TASK INPUTS: Begin
(* Let $\mathcal{R}=(\mathcal{F},R)$ be a 3-DCTRS. If for every rule $\ell\to r\Leftarrow c$ in $R$ the partial grounding $c^{\downarrow \mathrm{Var}(\ell)}$ of $c$ is $\overline{\mathcal{R}}$-feasible, then the transformation $\mathcal{U}$ preserves $\to_{\mathcal{R}}$-irreducibility of $\mathcal{R}$.
   Context: An oriented CTRS $\mathcal{R}=(\mathcal{F},R)$ has rules $\ell\to r\Leftarrow s_1\approx t_1,\dots,s_n\approx t_n$ ($\ell$ not a variable) where conditions are reachability tests: $s\to_{\mathcal{R}}t$ iff there are a rule, a position $p$ and a substitution $\sigma$ with $s|_p=\sigma(\ell)$, $\sigma(s_j)\to^*_{\mathcal{R}}\sigma(t_j)$ for all $j$, and $t=s[\sigma(r)]_p$. It is deterministic (a DCTRS) if for each rule and $1\le i\le n$, $\mathrm{Var}(s_i)\subseteq\mathrm{Var}(\ell)\cup\bigcup_{j<i}\mathrm{Var}(t_j)$; it is a 3-CTRS if $\mathrm{Var}(r)\subseteq\mathrm{Var}(\ell)\cup\mathrm{Var}(c)$ for each rule. The theory $\overline{\mathcal{R}}$ is the first-order theory axiomatizing $\to$ and $\to^*$ (reflexivity of $\to^*$, $x\to y\wedge y\to^* z\Rightarrow x\to^*z$, closure of $\to$ under all argument positions, each rule as the implication $s_1\to^*t_1\wedge\dots\wedge s_n\to^* t_n\Rightarrow \ell\to r$), so that $\overline{\mathcal{R}}\vdash s\to^* t$ iff $s\to^*_{\mathcal{R}}t$. For a set $V$ of variables, the partial grounding $c^{\downarrow V}$ replaces every variable $x\in V$ occurring in $c$ by a fresh constant $c_x$ (distinct variables giving distinct constants not in $\mathcal{F}$). A sequence of conditions $s_1\approx t_1,\dots,s_n\approx t_n$ is $\overline{\mathcal{R}}$-feasible if there is a substitution $\sigma$ with $\overline{\mathcal{R}}\vdash\sigma(s_j)\to^*\sigma(t_j)$ for all $j$. Transformation $\mathcal{U}$: each conditional rule $\alpha:\ell\to r\Leftarrow s_1\approx t_1,\dots,s_n\approx t_n$ ($n\ge1$) becomes $\ell\to U^\alpha_1(s_1,\vec x_1)$, $U^\alpha_{i-1}(t_{i-1},\vec x_{i-1})\to U^\alpha_i(s_i,\vec x_i)$ ($2\le i\le n$), $U^\alpha_n(t_n,\vec x_n)\to r$, with fresh symbols $U^\alpha_i$ and $\vec x_i$ a sequence of the variables in $\mathrm{Var}(\ell)\cup\mathrm{Var}(t_1)\cup\dots\cup\mathrm{Var}(t_{i-1})$; unconditional rules are kept; $\mathcal{U}(\mathcal{R})$ is the resulting TRS. $\mathcal{U}$ preserves $\to_{\mathcal{R}}$-irreducibility if every $\to_{\mathcal{R}}$-irreducible term over $\mathcal{F}$ and variables is $\to_{\mathcal{U}(\mathcal{R})}$-irreducible. *)

From Stdlib Require List.
From mathcomp Require Import all_boot.
Set Implicit Arguments. Unset Strict Implicit. Unset Printing Implicit Defensive.

Inductive term (S V : Type) : Type :=
| Var : V -> term S V
| Fun : S -> seq (term S V) -> term S V.
Arguments Var {S V}.
Arguments Fun {S V}.

Fixpoint vars (S : Type) (V : Type) (t : term S V) : seq V :=
  match t with
  | Var x => [:: x]
  | Fun _ ts => flatten (map (@vars S V) ts)
  end.

Fixpoint subst (S V : Type) (sigma : V -> term S V) (t : term S V) : term S V :=
  match t with
  | Var x => sigma x
  | Fun f ts => Fun f (map (subst sigma) ts)
  end.

Fixpoint map_sym (S S' V : Type) (h : S -> S') (t : term S V) : term S' V :=
  match t with
  | Var x => Var x
  | Fun f ts => Fun (h f) (map (map_sym h) ts)
  end.

Record crule (S V : Type) : Type := CRule {
  lhs : term S V;
  rhs : term S V;
  conds : seq (term S V * term S V) }.
Arguments CRule {S V}.

Definition map_rule (S S' V : Type) (h : S -> S') (rl : crule S V) : crule S' V :=
  CRule (map_sym h (lhs rl)) (map_sym h (rhs rl))
        (map (fun c => (map_sym h c.1, map_sym h c.2)) (conds rl)).

(* A CTRS is given by its (possibly infinite) set of rules R. *)

(* ---------- Oriented conditional rewriting: ->_R and ->*_R ----------
   This inductive definition is the least model of the Horn theory R-bar
   (reflexivity/transitivity of ->*, closure of -> under argument positions,
   each rule as an implication); hence "R-bar |- s ->* t" is csteps R s t. *)
Inductive cstep (S V : Type) (R : crule S V -> Prop) : term S V -> term S V -> Prop :=
| cstep_rule (rl : crule S V) (sigma : V -> term S V) :
    R rl ->
    (forall c, List.In c (conds rl) -> csteps R (subst sigma c.1) (subst sigma c.2)) ->
    cstep R (subst sigma (lhs rl)) (subst sigma (rhs rl))
| cstep_ctx (f : S) (l1 : seq (term S V)) (t u : term S V) (l2 : seq (term S V)) :
    cstep R t u -> cstep R (Fun f (l1 ++ t :: l2)) (Fun f (l1 ++ u :: l2))
with csteps (S V : Type) (R : crule S V -> Prop) : term S V -> term S V -> Prop :=
| csteps_refl (t : term S V) : csteps R t t
| csteps_step (t u v : term S V) : cstep R t u -> csteps R u v -> csteps R t v.

Definition irreducible (S V : Type) (R : crule S V -> Prop) (t : term S V) : Prop :=
  forall u, ~ cstep R t u.

Definition is_var (S V : Type) (t : term S V) : bool :=
  if t is Var _ then true else false.

Section Classes.
Variables (F : Type) (V : eqType).

Definition vars_upto (rl : crule F V) (k : nat) (x : V) : bool :=
  (x \in vars (lhs rl)) || has (fun c => x \in vars c.2) (take k (conds rl)).

Definition deterministic_rule (rl : crule F V) : Prop :=
  forall i, i < size (conds rl) ->
  forall x, x \in vars (nth (lhs rl, lhs rl) (conds rl) i).1 -> vars_upto rl i x.

Definition type3_rule (rl : crule F V) : Prop :=
  forall x, x \in vars (rhs rl) ->
    (x \in vars (lhs rl)) ||
    has (fun c => (x \in vars c.1) || (x \in vars c.2)) (conds rl).

Definition is_3DCTRS (R : crule F V -> Prop) : Prop :=
  forall rl, R rl -> [/\ ~~ is_var (lhs rl), deterministic_rule rl & type3_rule rl].

(* ---------- Partial grounding and feasibility ----------
   The fresh constant c_x is  Fun (inr x) [::]  over the signature F + V. *)
Fixpoint ground_term (P : V -> bool) (t : term F V) : term (F + V) V :=
  match t with
  | Var x => if P x then Fun (inr x) [::] else Var x
  | Fun f ts => Fun (inl f) (map (ground_term P) ts)
  end.

Definition ground_conds (P : V -> bool) (c : seq (term F V * term F V)) :
  seq (term (F + V) V * term (F + V) V) :=
  map (fun st => (ground_term P st.1, ground_term P st.2)) c.

Definition liftR (S' : Type) (h : F -> S') (R : crule F V -> Prop) : crule S' V -> Prop :=
  fun rl' => exists2 rl, R rl & rl' = map_rule h rl.

Definition feasible (S : Type) (R : crule S V -> Prop) (c : seq (term S V * term S V)) : Prop :=
  exists sigma : V -> term S V,
    forall st, List.In st c -> csteps R (subst sigma st.1) (subst sigma st.2).

(* ---------- The unraveling U ----------
   Symbols of U(R): F plus fresh symbols U^alpha_i, encoded as inr (alpha, i).
   [xs alpha i] is the chosen sequence of variables  x_i  for rule alpha. *)
Definition Usig := (F + (crule F V * nat))%type.

Definition valid_xs (R : crule F V -> Prop) (xs : crule F V -> nat -> seq V) : Prop :=
  forall rl, R rl -> forall i, 1 <= i <= size (conds rl) ->
    uniq (xs rl i) /\ forall x, (x \in xs rl i) = vars_upto rl i.-1 x.

Definition Uterm (rl : crule F V) (xs : crule F V -> nat -> seq V) (i : nat)
  (t : term F V) : term Usig V :=
  Fun (inr (rl, i)) (map_sym inl t :: map Var (xs rl i)).

Definition Urules (R : crule F V -> Prop) (xs : crule F V -> nat -> seq V) :
  crule Usig V -> Prop :=
  fun rl' => exists2 rl, R rl &
    let n := size (conds rl) in
    let s i := (nth (lhs rl, lhs rl) (conds rl) i.-1).1 in
    let t i := (nth (lhs rl, lhs rl) (conds rl) i.-1).2 in
    (n = 0 /\ rl' = map_rule inl rl) \/
    (0 < n /\
     (rl' = CRule (map_sym inl (lhs rl)) (Uterm rl xs 1 (s 1)) [::] \/
      (exists2 i, 2 <= i <= n &
         rl' = CRule (Uterm rl xs i.-1 (t i.-1)) (Uterm rl xs i (s i)) [::]) \/
      rl' = CRule (Uterm rl xs n (t n)) (map_sym inl (rhs rl)) [::])).

Definition U_preserves_irreducibility (R : crule F V -> Prop)
  (xs : crule F V -> nat -> seq V) : Prop :=
  forall t : term F V, irreducible R t -> irreducible (Urules R xs) (map_sym inl t).

End Classes.

From mathcomp Require Import all_boot.
From Stdlib Require List.
Set Implicit Arguments. Unset Strict Implicit. Unset Printing Implicit Defensive.

(* On a term over F only those rules of U(R) can fire whose left-hand side is
   the left-hand side l of a rule of R: all the other ones are rooted by a
   fresh symbol U^alpha_i.  So a U(R)-redex in an F-term is an instance
   sigma(l), and it suffices to show that it is an R-redex as well.
   Feasibility of c^{Var(l)} yields tau solving the conditions, in which the
   fresh constants c_x stand for arbitrary values of the variables of l.
   Replacing every c_x by sigma(x) preserves R-rewriting (R does not mention
   the constants), so the substitution that is sigma on Var(l) and the image
   of tau elsewhere satisfies the conditions and rewrites sigma(l). *)

Fixpoint term_nested_ind (S V : Type) (P : term S V -> Prop)
  (PVar : forall x, P (Var x))
  (PFun : forall f ts, (forall t, List.In t ts -> P t) -> P (Fun f ts))
  (t : term S V) : P t :=
  match t with
  | Var x => PVar x
  | Fun f ts =>
      PFun f ts
        ((fix P_In (us : seq (term S V)) : forall u, List.In u us -> P u :=
            match us with
            | [::] => fun _ no => False_ind _ no
            | v :: vs => fun u in_u =>
                match in_u with
                | or_introl v_u => eq_ind v P (term_nested_ind PVar PFun v) u v_u
                | or_intror in_vs => P_In vs u in_vs
                end
            end) ts)
  end.

Lemma map_eq_cat_cons (A B : Type) (f : A -> B) s l1 y l2 :
  map f s = l1 ++ y :: l2 -> exists s1 x s2, s = s1 ++ x :: s2 /\ f x = y.
Proof.
elim: l1 s => [|z l1 IH] [|x s] //= [fx_y map_s].
- by exists [::], x, s.
- have [s1 [x' [s2 [-> fx'_y]]]] := IH s map_s.
  by exists (x :: s1), x', s2.
Qed.

Lemma mem_vars_Fun (S : Type) (V : eqType) f (ts : seq (term S V)) t x :
  List.In t ts -> x \in vars t -> x \in vars (Fun f ts).
Proof.
elim: ts => //= u ts IH [-> | t_ts] x_t; rewrite mem_cat ?x_t //.
by rewrite IH ?orbT.
Qed.

Lemma eq_in_subst (S : Type) (V : eqType) (s1 s2 : V -> term S V) u :
  {in vars u, s1 =1 s2} -> subst s1 u = subst s2 u.
Proof.
elim/term_nested_ind: u => [x | f ts IH] /= eq_s; first by apply: eq_s; rewrite inE.
congr Fun; apply: List.map_ext_in => t t_ts; apply: IH => // x x_t.
exact/eq_s/(mem_vars_Fun f t_ts).
Qed.

Lemma csteps_trans (S V : Type) (R : crule S V -> Prop) a b c :
  csteps R a b -> csteps R b c -> csteps R a c.
Proof. by elim=> // t u v t_u _ IH /IH; apply: csteps_step. Qed.

Lemma csteps_ctx (S V : Type) (R : crule S V -> Prop) f l1 l2 a b :
  csteps R a b -> csteps R (Fun f (l1 ++ a :: l2)) (Fun f (l1 ++ b :: l2)).
Proof.
elim=> [t | t u v t_u _ IH]; first exact: csteps_refl.
exact: csteps_step (cstep_ctx _ _ _ t_u) IH.
Qed.

Scheme cstep_mut_ind := Minimality for cstep Sort Prop
with csteps_mut_ind := Minimality for csteps Sort Prop.

Section Collapse.
Variables (F S' : Type) (V : eqType) (g : S' -> term F V).

Fixpoint collapse (t : term (F + S') V) : term F V :=
  match t with
  | Var x => Var x
  | Fun (inl f) ts => Fun f (map collapse ts)
  | Fun (inr s) _ => g s
  end.

Lemma collapse_lift (u : term F V) : collapse (map_sym inl u) = u.
Proof.
elim/term_nested_ind: u => [x | f ts IH] //=.
by rewrite -map_comp; congr Fun; rewrite -[RHS]map_id; apply: List.map_ext_in.
Qed.

Lemma collapse_subst_lift sigma (u : term F V) :
  collapse (subst sigma (map_sym inl u)) = subst (collapse \o sigma) u.
Proof.
elim/term_nested_ind: u => [x | f ts IH] //=.
by rewrite -!map_comp; congr Fun; apply: List.map_ext_in.
Qed.

Lemma lift_instance sigma (l t : term F V) :
  subst sigma (map_sym inl l) = map_sym inl t -> t = subst (collapse \o sigma) l.
Proof. by move/(congr1 collapse); rewrite collapse_subst_lift collapse_lift. Qed.

Lemma collapse_csteps (R : crule F V -> Prop) a b :
  csteps (liftR inl R) a b -> csteps R (collapse a) (collapse b).
Proof.
pose P a b := csteps R (collapse a) (collapse b).
apply: (@csteps_mut_ind _ _ _ P P) => [_ sigma [rl R_rl ->] _ IH | | t | t u v _ IH1 _ IH2].
- rewrite /P /= !collapse_subst_lift.
  apply: csteps_step (csteps_refl _ _); apply: cstep_rule => // c c_rl.
  have := IH (map_sym inl c.1, map_sym inl c.2).
  rewrite /P /= !collapse_subst_lift; apply.
  exact: (List.in_map (fun c => (map_sym inl c.1, map_sym inl c.2))).
- move=> [f | s] l1 t u l2 _ IH; last exact: csteps_refl.
  by rewrite /P /= !map_cat; apply: csteps_ctx.
- exact: csteps_refl.
- exact: csteps_trans IH1 IH2.
Qed.

End Collapse.

Lemma collapse_ground (F : Type) (V : eqType) (P : pred V) (g : V -> term F V) tau
  (s : term F V) :
  collapse g (subst tau (ground_term P s)) =
  subst (fun x => if P x then g x else collapse g (tau x)) s.
Proof.
elim/term_nested_ind: s => [x | f ts IH] /=; first by case: (P x).
by rewrite -!map_comp; congr Fun; apply: List.map_ext_in.
Qed.

Section Unraveling.
Variables (F : Type) (V : eqType) (R : crule F V -> Prop).

Lemma feasible_lhs_reducible rl sigma :
  R rl ->
  feasible (liftR inl R) (ground_conds (fun x => x \in vars (lhs rl)) (conds rl)) ->
  exists w, cstep R (subst sigma (lhs rl)) w.
Proof.
move=> R_rl [tau solves].
pose theta x := if x \in vars (lhs rl) then sigma x else collapse sigma (tau x).
exists (subst theta (rhs rl)).
have -> : subst sigma (lhs rl) = subst theta (lhs rl).
  by apply: eq_in_subst => x x_l; rewrite /theta x_l.
apply: cstep_rule => // c c_rl.
have := collapse_csteps sigma (solves _ (List.in_map _ _ _ c_rl)).
by rewrite !collapse_ground.
Qed.

Variable xs : crule F V -> nat -> seq V.

Lemma Urules_lhs rl' :
  Urules R xs rl' ->
  (exists2 rl, R rl & lhs rl' = map_sym inl (lhs rl)) \/
  (exists rl i t, lhs rl' = Uterm rl xs i t).
Proof.
case=> rl R_rl [[_ ->] | [_ [-> | [[i _ ->] | ->]]]].
- by left; exists rl.
- by left; exists rl.
- by right; do 3 eexists.
- by right; do 3 eexists.
Qed.

Hypothesis feasible_conds : forall rl, R rl ->
  feasible (liftR inl R) (ground_conds (fun x => x \in vars (lhs rl)) (conds rl)).

Lemma Ustep_lift_reducible a b :
  cstep (Urules R xs) a b -> forall t, a = map_sym inl t -> exists w, cstep R t w.
Proof.
elim=> [rl' sigma U_rl' _ | f l1 u u' l2 _ IH] t.
- case: (Urules_lhs U_rl') => [[rl R_rl ->] | [rl [i [s ->]]]]; last by case: t.
  move=> /(lift_instance (fun _ => t)) ->.
  exact: feasible_lhs_reducible R_rl (feasible_conds R_rl).
- case: t => // h ts /= [_ ts_E].
  have [ts1 [v [ts2 [-> v_u]]]] := map_eq_cat_cons (esym ts_E).
  have [w v_w] := IH v (esym v_u).
  by exists (Fun h (ts1 ++ w :: ts2)); apply: cstep_ctx.
Qed.

End Unraveling.

Theorem proposition30 (F : Type) (V : eqType) (R : crule F V -> Prop)
  (xs : crule F V -> nat -> seq V) :
  is_3DCTRS R ->
  valid_xs R xs ->
  (forall rl, R rl ->
     feasible (liftR inl R)
       (ground_conds (fun x => x \in vars (lhs rl)) (conds rl))) ->
  U_preserves_irreducibility R xs.
Proof.
move=> _ _ feasible_conds t t_irr u.
move/(Ustep_lift_reducible feasible_conds)/(_ t erefl) => [w].
exact: t_irr.
Qed.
TASK INPUTS: End
Taking the listing above as the source, transcribe only the lines starting at the line with "exists w, cstep R (subst sigma (lhs rl)) w." and going through the line with "(exists2 rl, R", unaltered and with both ends included.

  exists w, cstep R (subst sigma (lhs rl)) w.
Proof.
move=> R_rl [tau solves].
pose theta x := if x \in vars (lhs rl) then sigma x else collapse sigma (tau x).
exists (subst theta (rhs rl)).
have -> : subst sigma (lhs rl) = subst theta (lhs rl).
  by apply: eq_in_subst => x x_l; rewrite /theta x_l.
apply: cstep_rule => // c c_rl.
have := collapse_csteps sigma (solves _ (List.in_map _ _ _ c_rl)).
by rewrite !collapse_ground.
Qed.

Variable xs : crule F V -> nat -> seq V.

Lemma Urules_lhs rl' :
  Urules R xs rl' ->
  (exists2 rl, R rl & lhs rl' = map_sym inl (lhs rl)) \/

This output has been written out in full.